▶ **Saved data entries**
============================================================

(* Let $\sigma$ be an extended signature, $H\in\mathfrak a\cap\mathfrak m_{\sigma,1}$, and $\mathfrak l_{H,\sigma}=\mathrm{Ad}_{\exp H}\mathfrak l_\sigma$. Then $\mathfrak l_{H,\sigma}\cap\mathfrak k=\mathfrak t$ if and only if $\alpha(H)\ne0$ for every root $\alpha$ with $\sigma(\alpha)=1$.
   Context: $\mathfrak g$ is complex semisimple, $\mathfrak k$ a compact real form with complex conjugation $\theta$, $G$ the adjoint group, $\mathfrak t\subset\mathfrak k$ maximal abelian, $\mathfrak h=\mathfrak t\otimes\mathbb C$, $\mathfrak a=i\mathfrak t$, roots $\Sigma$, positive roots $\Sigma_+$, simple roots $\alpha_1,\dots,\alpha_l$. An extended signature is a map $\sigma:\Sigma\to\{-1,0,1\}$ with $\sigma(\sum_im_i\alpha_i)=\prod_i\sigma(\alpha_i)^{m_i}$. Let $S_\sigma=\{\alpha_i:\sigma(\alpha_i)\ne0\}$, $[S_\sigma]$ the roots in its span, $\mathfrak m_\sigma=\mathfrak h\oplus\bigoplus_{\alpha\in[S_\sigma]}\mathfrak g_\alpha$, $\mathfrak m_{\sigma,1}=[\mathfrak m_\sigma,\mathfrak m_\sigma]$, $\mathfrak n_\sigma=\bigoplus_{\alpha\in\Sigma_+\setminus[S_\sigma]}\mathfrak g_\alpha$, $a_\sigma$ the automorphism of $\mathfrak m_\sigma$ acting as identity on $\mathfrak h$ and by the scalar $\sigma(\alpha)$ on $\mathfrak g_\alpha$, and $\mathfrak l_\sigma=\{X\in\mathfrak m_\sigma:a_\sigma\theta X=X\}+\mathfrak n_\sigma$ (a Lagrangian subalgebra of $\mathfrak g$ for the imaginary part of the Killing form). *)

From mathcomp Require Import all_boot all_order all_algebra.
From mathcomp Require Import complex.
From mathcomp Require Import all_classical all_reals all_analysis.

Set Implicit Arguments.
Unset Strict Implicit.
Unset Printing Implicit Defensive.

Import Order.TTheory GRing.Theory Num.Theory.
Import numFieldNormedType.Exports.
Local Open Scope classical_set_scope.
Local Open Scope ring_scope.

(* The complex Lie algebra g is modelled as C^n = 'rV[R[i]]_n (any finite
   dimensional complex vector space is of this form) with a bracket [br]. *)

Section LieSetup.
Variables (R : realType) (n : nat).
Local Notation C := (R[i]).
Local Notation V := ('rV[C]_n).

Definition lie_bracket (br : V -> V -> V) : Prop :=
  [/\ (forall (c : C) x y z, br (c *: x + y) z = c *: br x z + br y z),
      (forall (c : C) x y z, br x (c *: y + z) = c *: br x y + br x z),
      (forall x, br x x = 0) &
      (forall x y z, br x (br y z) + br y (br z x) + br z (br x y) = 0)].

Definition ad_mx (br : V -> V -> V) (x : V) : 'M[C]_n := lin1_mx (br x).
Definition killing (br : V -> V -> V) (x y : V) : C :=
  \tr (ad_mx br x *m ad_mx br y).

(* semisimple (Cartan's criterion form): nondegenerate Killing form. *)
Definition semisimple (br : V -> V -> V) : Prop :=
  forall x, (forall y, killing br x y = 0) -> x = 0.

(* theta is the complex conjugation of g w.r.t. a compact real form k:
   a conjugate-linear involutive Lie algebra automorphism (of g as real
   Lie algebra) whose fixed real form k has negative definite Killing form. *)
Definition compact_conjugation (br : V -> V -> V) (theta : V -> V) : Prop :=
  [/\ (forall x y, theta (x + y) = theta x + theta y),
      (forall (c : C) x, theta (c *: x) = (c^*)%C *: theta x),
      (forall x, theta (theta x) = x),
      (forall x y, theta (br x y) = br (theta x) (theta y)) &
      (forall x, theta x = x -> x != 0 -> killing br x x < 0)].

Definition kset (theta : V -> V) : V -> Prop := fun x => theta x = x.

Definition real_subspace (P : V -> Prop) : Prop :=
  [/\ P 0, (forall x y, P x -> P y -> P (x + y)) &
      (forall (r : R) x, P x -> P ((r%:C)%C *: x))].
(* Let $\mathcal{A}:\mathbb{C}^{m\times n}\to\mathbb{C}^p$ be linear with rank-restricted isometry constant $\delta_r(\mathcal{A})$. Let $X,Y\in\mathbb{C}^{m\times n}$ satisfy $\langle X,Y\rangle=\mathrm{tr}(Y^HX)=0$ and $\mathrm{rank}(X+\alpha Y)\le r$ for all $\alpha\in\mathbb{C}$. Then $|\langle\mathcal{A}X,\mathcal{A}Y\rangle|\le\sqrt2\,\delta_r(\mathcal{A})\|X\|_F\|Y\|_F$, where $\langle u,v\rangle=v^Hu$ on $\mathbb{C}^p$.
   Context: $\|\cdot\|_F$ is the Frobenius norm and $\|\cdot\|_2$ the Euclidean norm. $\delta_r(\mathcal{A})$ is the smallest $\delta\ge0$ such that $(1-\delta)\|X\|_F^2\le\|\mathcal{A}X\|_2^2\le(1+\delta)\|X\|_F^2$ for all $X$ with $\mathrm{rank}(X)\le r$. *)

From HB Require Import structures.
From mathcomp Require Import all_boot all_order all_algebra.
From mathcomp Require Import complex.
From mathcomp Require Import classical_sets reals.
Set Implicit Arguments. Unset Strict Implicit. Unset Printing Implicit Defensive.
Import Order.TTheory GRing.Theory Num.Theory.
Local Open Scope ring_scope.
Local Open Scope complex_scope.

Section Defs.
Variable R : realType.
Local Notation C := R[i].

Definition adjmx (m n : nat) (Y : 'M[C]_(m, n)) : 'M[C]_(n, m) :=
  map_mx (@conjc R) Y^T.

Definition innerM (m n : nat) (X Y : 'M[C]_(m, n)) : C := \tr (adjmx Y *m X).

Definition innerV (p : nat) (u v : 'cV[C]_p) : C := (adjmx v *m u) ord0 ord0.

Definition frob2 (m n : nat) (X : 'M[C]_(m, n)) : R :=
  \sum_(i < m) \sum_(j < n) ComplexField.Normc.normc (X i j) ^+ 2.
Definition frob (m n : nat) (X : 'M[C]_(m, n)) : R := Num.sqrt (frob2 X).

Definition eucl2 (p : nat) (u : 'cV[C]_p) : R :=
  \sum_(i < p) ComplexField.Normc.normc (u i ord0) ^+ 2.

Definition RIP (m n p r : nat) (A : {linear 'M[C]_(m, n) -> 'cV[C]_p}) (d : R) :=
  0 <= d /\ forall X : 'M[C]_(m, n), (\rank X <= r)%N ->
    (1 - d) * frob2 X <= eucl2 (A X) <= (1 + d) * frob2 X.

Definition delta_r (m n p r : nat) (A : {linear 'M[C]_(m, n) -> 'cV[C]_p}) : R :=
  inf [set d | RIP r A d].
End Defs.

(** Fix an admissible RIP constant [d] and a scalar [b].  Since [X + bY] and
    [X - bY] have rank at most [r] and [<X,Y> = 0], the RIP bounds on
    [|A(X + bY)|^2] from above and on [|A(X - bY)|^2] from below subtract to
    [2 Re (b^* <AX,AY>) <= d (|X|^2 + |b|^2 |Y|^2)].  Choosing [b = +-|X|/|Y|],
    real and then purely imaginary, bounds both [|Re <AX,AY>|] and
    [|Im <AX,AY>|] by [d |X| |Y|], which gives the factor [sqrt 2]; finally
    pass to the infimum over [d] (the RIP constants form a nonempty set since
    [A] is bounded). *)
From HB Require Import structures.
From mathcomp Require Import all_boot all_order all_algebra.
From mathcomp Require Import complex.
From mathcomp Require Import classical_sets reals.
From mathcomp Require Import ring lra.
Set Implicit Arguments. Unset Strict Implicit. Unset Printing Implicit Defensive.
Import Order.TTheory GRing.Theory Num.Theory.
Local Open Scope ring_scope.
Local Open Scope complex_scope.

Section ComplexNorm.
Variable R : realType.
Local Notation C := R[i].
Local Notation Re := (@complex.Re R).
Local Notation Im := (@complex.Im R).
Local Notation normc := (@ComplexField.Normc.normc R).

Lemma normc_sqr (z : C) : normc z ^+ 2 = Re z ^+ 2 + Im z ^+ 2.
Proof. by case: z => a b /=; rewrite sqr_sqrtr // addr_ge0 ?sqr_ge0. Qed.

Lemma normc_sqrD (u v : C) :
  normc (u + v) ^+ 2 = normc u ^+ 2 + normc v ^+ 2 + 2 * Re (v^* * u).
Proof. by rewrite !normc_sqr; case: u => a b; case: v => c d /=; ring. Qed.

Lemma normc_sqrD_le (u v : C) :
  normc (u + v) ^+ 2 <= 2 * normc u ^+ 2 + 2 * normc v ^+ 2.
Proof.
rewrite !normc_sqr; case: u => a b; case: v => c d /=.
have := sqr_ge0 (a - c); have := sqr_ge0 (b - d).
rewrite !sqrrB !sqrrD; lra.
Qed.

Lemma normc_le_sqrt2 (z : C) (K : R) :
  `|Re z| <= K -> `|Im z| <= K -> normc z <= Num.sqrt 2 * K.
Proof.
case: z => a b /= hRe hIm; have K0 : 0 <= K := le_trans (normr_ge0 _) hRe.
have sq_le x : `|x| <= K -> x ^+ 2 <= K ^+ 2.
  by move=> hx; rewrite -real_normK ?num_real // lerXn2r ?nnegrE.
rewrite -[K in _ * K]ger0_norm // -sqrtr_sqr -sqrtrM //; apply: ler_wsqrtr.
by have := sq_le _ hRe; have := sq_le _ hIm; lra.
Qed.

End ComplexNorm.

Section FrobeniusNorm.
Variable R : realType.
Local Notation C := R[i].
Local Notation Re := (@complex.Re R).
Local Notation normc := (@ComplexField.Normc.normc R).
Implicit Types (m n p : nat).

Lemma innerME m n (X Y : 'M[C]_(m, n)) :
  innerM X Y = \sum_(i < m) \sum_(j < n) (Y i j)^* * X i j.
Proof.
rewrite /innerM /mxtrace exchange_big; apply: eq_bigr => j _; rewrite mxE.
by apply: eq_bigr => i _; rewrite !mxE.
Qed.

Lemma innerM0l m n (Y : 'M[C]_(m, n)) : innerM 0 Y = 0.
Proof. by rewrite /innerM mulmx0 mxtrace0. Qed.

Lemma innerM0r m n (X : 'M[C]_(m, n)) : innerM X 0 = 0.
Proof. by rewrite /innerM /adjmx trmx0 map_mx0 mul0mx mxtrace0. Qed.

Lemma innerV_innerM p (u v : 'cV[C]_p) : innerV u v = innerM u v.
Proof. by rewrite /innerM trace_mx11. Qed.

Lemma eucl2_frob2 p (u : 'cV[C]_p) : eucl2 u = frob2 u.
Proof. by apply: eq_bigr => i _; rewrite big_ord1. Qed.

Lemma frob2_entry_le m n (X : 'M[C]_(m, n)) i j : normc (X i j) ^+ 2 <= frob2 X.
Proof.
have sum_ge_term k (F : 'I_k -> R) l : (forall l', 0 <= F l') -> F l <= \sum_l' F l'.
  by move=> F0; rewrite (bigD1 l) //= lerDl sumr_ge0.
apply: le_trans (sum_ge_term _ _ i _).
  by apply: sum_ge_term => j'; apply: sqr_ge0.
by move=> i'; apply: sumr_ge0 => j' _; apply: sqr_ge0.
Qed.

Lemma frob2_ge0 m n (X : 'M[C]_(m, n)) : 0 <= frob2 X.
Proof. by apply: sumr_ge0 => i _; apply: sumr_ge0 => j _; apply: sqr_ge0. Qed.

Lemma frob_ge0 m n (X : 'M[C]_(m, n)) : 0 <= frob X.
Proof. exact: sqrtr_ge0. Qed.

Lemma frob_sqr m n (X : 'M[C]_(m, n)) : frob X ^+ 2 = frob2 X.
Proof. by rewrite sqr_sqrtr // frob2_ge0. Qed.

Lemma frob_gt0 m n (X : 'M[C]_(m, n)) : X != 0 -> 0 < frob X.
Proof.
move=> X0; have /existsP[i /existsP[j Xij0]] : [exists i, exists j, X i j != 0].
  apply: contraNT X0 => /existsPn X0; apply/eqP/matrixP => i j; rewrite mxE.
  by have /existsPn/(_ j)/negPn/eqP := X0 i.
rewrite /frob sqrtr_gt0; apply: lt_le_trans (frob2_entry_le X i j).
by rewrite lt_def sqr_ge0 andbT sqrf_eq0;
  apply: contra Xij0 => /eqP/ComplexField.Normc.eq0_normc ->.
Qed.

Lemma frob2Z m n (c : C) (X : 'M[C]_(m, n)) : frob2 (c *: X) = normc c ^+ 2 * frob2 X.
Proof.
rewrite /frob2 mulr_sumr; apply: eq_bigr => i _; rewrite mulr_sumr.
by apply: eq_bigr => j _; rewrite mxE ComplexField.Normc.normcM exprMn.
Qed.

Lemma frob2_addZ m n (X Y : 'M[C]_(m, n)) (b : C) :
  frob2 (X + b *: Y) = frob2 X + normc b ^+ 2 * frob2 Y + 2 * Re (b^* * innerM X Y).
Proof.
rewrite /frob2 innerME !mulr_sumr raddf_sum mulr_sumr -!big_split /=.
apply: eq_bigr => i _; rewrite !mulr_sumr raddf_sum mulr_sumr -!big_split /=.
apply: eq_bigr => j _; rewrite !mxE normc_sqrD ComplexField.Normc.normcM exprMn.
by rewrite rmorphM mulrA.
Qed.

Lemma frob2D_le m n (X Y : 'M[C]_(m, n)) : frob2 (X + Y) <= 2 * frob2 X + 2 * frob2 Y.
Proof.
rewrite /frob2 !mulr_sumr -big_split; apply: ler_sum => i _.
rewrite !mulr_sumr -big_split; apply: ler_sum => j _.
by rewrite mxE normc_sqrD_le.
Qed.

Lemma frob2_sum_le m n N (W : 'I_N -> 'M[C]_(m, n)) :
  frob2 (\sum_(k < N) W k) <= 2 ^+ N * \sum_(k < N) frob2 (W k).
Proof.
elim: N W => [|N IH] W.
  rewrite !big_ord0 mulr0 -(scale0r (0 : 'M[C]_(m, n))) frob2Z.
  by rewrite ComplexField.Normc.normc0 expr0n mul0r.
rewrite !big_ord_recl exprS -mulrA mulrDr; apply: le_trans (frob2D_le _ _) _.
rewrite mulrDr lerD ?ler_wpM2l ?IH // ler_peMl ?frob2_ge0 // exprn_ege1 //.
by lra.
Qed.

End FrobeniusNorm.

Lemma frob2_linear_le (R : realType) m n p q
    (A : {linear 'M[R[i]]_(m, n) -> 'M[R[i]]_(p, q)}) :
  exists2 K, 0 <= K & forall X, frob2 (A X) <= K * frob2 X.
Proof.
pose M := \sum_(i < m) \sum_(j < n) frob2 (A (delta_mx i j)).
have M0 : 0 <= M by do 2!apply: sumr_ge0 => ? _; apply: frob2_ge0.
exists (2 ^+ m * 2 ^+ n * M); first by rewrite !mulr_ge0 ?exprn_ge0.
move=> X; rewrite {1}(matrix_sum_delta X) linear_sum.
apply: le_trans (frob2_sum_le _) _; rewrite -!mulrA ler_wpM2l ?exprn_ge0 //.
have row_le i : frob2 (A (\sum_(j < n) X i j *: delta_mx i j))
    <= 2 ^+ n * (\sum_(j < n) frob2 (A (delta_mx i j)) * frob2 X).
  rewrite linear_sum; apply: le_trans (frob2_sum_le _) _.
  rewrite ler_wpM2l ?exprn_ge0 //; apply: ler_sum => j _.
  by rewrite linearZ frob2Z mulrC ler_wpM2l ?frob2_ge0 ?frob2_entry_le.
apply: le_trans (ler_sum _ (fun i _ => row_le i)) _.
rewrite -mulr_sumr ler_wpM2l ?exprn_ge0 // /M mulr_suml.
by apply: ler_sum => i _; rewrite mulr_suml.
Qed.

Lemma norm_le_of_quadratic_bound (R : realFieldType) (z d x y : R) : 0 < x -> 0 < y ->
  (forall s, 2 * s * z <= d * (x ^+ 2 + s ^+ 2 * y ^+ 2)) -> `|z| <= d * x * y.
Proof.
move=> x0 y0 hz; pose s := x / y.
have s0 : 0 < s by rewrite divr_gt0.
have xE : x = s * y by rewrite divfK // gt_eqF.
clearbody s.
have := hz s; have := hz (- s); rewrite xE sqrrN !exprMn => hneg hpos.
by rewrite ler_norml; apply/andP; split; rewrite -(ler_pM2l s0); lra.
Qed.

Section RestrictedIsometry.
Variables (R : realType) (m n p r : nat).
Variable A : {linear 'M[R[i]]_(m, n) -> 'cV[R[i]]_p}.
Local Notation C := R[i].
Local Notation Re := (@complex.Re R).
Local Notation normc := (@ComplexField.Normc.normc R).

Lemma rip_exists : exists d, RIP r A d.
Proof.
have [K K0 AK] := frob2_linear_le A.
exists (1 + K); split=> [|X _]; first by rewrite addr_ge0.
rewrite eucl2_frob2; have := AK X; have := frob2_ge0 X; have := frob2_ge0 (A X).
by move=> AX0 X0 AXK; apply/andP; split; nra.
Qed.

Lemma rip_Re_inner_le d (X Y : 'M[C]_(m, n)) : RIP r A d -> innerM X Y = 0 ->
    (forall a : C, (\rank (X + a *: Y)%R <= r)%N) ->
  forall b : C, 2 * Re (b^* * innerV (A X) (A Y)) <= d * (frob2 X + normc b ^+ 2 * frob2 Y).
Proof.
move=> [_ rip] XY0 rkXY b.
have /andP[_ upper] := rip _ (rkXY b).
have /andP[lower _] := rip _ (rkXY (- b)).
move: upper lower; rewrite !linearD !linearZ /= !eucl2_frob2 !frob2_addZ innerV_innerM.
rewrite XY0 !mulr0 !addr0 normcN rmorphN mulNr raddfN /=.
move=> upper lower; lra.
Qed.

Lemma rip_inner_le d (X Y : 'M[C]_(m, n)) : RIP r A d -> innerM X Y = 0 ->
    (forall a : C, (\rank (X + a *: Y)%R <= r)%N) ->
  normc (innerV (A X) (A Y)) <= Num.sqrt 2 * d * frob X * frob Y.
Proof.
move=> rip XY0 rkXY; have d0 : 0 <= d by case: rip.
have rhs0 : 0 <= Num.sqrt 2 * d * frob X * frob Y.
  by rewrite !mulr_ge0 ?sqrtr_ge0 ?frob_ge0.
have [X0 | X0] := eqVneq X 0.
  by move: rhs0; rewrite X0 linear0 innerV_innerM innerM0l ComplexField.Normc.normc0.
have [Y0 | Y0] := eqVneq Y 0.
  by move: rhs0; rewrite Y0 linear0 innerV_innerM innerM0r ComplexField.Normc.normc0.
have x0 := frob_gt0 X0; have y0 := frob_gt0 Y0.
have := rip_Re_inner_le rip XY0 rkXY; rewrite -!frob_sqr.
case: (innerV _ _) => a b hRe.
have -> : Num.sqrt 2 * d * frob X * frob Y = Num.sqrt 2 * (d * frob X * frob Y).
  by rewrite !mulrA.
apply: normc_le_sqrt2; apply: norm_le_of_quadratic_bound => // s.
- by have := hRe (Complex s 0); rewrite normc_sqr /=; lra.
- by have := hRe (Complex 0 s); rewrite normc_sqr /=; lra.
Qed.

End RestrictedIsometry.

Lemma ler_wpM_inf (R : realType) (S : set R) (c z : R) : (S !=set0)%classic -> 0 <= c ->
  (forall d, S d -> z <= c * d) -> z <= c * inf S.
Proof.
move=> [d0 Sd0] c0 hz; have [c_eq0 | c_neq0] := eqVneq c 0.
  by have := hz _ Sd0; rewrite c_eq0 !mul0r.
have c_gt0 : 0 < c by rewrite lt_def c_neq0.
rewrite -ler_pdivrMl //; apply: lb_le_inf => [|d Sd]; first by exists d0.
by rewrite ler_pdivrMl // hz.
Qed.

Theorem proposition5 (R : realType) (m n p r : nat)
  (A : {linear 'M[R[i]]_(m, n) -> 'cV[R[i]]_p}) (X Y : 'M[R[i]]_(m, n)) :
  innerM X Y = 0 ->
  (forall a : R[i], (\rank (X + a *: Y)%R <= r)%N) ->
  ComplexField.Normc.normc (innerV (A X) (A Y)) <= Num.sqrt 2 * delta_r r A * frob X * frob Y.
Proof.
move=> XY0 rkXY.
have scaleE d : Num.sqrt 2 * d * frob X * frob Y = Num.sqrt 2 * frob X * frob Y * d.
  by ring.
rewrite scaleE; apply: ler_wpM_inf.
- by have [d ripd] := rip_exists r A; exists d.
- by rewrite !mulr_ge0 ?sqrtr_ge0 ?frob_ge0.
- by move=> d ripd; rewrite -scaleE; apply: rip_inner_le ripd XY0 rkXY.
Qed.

============================================================

▶ **What you are asked to do**
Among the entries above, identify all lines with "RestrictedIsometry" and copy them.

▶ **Your response**
Section RestrictedIsometry.
End RestrictedIsometry.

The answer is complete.